What is the biggest potential problem facing Colorado, and is it on this list? How about 1.5 million acres of dead and dying trees? If those trees catch fire, mountain homes and towns could burn, the watershed would be badly damaged, if not destroyed, tourism would die, and hunting and fishing ruined for our lifetime.

Why is that problem not on the list? Did Taylor West just forget, or is her boss, Mark Udall, telling her to ignore it? To fix the problem, to the degree that it can be fixed would require building forest roads to allow fire breaks to be built.

They are apparently doing that in Idaho but the environmentalists are none too happy:

“Back off. Just drop the whole mess,” says Craig Gehrke, regional director of The Wilderness Society in Idaho. “Just stick with the 2001 rule. This whole fight for roadless areas is needless.”

Idaho’s petition cuts out about 500,000 roadless acres, but the state promised to keep protections in place for the remainder of 9 million acres. [ Craig ] Gehrke worries wildfire provisions weaken the proposal, though, by giving the state more “wiggle room” to blaze roads.

“They’re backsliding on it,” he says.

Idaho is trying to do the smart thing, but the environmentalists on Bill Ritter's staff are trying to keep Colorado roadless and vulnerable:

A similar battle is taking place in Colorado.

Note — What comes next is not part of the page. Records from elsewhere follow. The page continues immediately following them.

(* Let $G=(V,D,B)$ be a mixed graph with $V=\{1,\dots,n\}$, and let $\Lambda=(\lambda_{uv})$ and $\Omega$ be the matrices of indeterminates associated with the directed and bidirected parts of $G$. Let $D_L,D_R\subset D$ and define $n\times n$ matrices $\Lambda^L,\Lambda^R$ by $\Lambda^L_{uv}=\lambda_{uv}$ if $(u,v)\in D_L$ and $0$ otherwise, and $\Lambda^R_{uv}=\lambda_{uv}$ if $(u,v)\in D_R$ and $0$ otherwise. Let $G^*_{\mathrm{flow}}=(V^*,D^* )$ be the directed graph with $V^*=\{1,\dots,n\}\cup\{1',\dots,n'\}$ and $D^*$ consisting of: $i\to j$ if $(j,i)\in D_L$; $i\to i'$ for all $i\in V$; $i\to j'$ if $(i,j)\in B$; $i'\to j'$ if $(i,j)\in D_R$; all edges and vertices have capacity $1$. Let $\Gamma=(I-\Lambda^L)^{-T}\Omega(I-\Lambda^R)^{-1}$. Then for any $S,T\subset V$ with $|S|=|T|=k$, if the maximum flow from $S$ to $T'=\{t':t\in T\}$ in $G^*_{\mathrm{flow}}$ is less than $k$, then $|\Gamma_{S,T}|=0$.
   Context: A mixed graph $G=(V,D,B)$ has directed edges $D\subset V\times V$ and symmetric bidirected edges $B\subset V\times V$, without self-loops. The matrix of indeterminates $\Lambda$ has an indeterminate $\lambda_{uv}$ in position $(u,v)$ if $(u,v)\in D$ and $0$ otherwise; $\Omega$ is symmetric with indeterminate diagonal entries, an indeterminate $\omega_{uv}=\omega_{vu}$ if $(u,v)\in B$, and $0$ otherwise. Entries of $\Gamma$ are formal power series (rational functions) in these indeterminates, and $|\Gamma_{S,T}|=0$ means that the determinant of the submatrix with rows $S$ and columns $T$ is identically zero. Maximum flow allows multiple sources/sinks and vertex capacities. *)

From HB Require Import structures.
From mathcomp Require Import all_boot all_order all_algebra.
From mathcomp Require Import fraction.
From mathcomp Require Import mpoly.

Set Implicit Arguments.
Unset Strict Implicit.
Unset Printing Implicit Defensive.

Import Order.TTheory GRing.Theory Num.Theory.
Local Open Scope ring_scope.

Section MixedGraph.
Variable n : nat.

(* Indeterminates: lambda_{uv} is indexed by inl (u,v), omega_{uv} by inr (u,v)
   with (u,v) normalised so that u <= v (hence omega_{uv} = omega_{vu}). *)
Definition var_t := (('I_n * 'I_n) + ('I_n * 'I_n))%type.
Definition nvar : nat := #|{: var_t}|.

Definition polyring := {mpoly int[nvar]}.
Definition ratfun := {fraction polyring}.

Definition indet (x : var_t) : ratfun := @FracField.tofrac polyring ('X_(enum_rank x) : polyring).

Definition lam (u v : 'I_n) : ratfun := indet (inl (u, v)).
Definition omega (u v : 'I_n) : ratfun :=
  indet (inr (if (u <= v)%N then (u, v) else (v, u))).

(* Lambda restricted to a set of directed edges E (E = D gives Lambda;
   E = D_L gives Lambda^L; E = D_R gives Lambda^R). *)
Definition LambdaOn (E : {set 'I_n * 'I_n}) : 'M[ratfun]_n :=
  \matrix_(u, v) (if (u, v) \in E then lam u v else 0).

Environmentalists are pressing [ Bill ] Ritter, who has spoken in favor of roadless protections, to stick with the federal rule...

Colorado’s former Gov. Bill Owens, R, submitted a roadless plan that was praised for protecting most areas. Environmentalists blasted his successor, Bill Ritter, D, though, accusing him of weakening roadless protections when he decided to largely stick with that plan...

And, where is Mark Udall on this issue. He opposes roads, and collects hefty donations from roadless advocates. Care to guess why Taylor West left this Colorado centic issue off of the list of important things that Congress had to do?